Ayrıca, altyapıdaki yüzde 98’lik gerçekleşme oranı ile Türkiye’de en önde olan büyükşehiriz. Sadece Saraçoğlu mahallemizde kanalizasyon yoktu, onun da ihalesini yaptık. O bölgeye toplam 15 trilyon liralık bir yatırım yapacağız. Yine, yeni kararını aldığımız 3 trilyonluk bir ihale de sel sularının ıslahı ile ilgili. Toplu Konut alanından Tıp Fakültesi’ne doğru gerçekleştirilecek sel suları ıslah projesi ile, bir kanal açılacak, o da yolların bozulmasını önlemek için şehrin dışına taşınacak. İlçe belediyelerimiz ile birlikte ürettiğimiz konut alanı sayısı bir yıl içinde 9 bin konutu buldu. Çoğunda yapılaşma başladı. Sadece bir bölgede 2 bin 16 konut bir yıl içinde teslime hazır hale getirildi. Yine sanayi alanları ile ilgili de altyapı ve arsa temin çalışmalarımız var. Mesela Ankara Yolu üzerinde 60 fabrikadan oluşan bir sanayi alanı son bir sene içinde bitme aşamasına geldi. Ciddi bir hamle oldu bu. Büsan Organize Sanayi bölgesinin arkasında, yerini Karatay Belediyemizin temin ettiği bu tesisler önemli. İstihdama yönelik de çeşitli özendirici çalışmalarımız var. Ayrıca meslek sahibi olmayanlara yönelik ciddi çalışmalar başlattık. Son bir senede 60 ayrı branşta hizmet veren Meslek Edindirme Kursları’nı açtık. Torna-tesviye Auto Cad, doğalgaz tesisatçılığı, kaynakçı, motor gibi her türlü meslek erbabına ve hanımlara yönelik meslek dallarında da hizmet veriyoruz. Bunların da istihdama katkısı oldu. Bazı bölümlerde mezun olmadan talep gören öğrenciler var. Yani her koldan çalışıyoruz. Sadece belediye yatırımları değil, şehrin sosyal, kültürel ihtiyaçlarının da karşılanması amacıyla çok ciddi çalışmalar yapıyoruz.
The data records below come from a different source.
(* For every composition $I$ of $n\ge1$, the number of (type A) permutation tableaux of the shape encoded by $I$ is \[ \mathrm{PT}^A_I=\sum_{J\succeq I}(-1)^{\ell(I)-\ell(J)}\,\mathrm{Fact}(J), \] where the sum is over compositions $J$ of $n$ coarser than or equal to $I$ and $\mathrm{Fact}(j_1,\dots,j_p)=p^{j_1}(p-1)^{j_2}\cdots2^{j_{p-1}}1^{j_p}$.
   Context: A composition of $n$ is a sequence $I=(i_1,\dots,i_r)$ of positive integers with sum $n$; $\ell(I)=r$; $\mathrm{Des}(I)=\{i_1,i_1+i_2,\dots,i_1+\dots+i_{r-1}\}$; $J\succeq I$ ($J$ coarser than $I$) means $\mathrm{Des}(J)\subseteq\mathrm{Des}(I)$. Let $k\ge1$ and let $\lambda$ be a Young diagram with exactly $k$ rows (rows of length $0$ allowed) and exactly $n-k$ nonempty columns, drawn in French convention (rows left-justified, longest row at the bottom). Encode $\lambda$ by the composition $I=(i_1,\dots,i_k)$ of $n$ where, for $1\le t\le k$, $i_t-1$ is the number of columns of length $k-t+1$ (a bijection onto compositions of $n$ with $k$ parts). A (type A) permutation tableau of shape $\lambda$ is a filling of the boxes of $\lambda$ with $0$'s and $1$'s such that (1) every column contains at least one $1$, and (2) no box containing a $0$ has both a $1$ below it in the same column and a $1$ to its left in the same row. *)

From mathcomp Require Import all_boot all_order all_algebra.
Set Implicit Arguments. Unset Strict Implicit. Unset Printing Implicit Defensive.
Import GRing.Theory Num.Theory.

Definition is_composition (n : nat) (J : seq nat) : bool :=
  all (fun j => 0 < j) J && (sumn J == n).

(* All sequences of length <= len with entries in {1,...,bound}, each listed once.
   Every composition of n occurs (exactly once) in [bseqs n n]. *)
Fixpoint bseqs (len bound : nat) : seq (seq nat) :=
  match len with
  | 0 => [:: [::]]
  | l.+1 => [::] :: [seq i :: s | i <- iota 1 bound, s <- bseqs l bound]
  end.

Definition Des (J : seq nat) : seq nat :=
  [seq sumn (take t J) | t <- iota 1 (size J).-1].

Definition coarser (J I : seq nat) : bool := all (fun d => d \in Des I) (Des J).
e-Belediye: Sayın Başkanım sizin eklemek isteğiniz ve bizim sormayı unuttuğumuz diğer konularla ilgili bilgileri de ekler misiniz?

Tahir Akyürek: Her geçen gün büyüyen Konya’mıza yeni ve ayrıntılı  projeler hazırlayarak geleceğin Konya’sını  oluşturmak için çalışmalarımıza hızla devam ediyoruz. Biz belediyecilik hususunda üzerimize düşeni yapıyor, şehrin geleceğine katkı sağlayacak yatırımlara imza atıyoruz. Konya’nın tam anlamıyla bir dünya kenti olması için şehrin kendi öz kaynaklarını modern belediyecilik anlayışıyla bütünleştirirken gerekli destek ve ilgiye olan ihtiyacımız her zamankinden fazladır. Bu çerçevede hemşehrilerimizden desteklerinin artarak devamını beklerken, ilginiz nedeniyle sizlere de teşekkür ediyorum.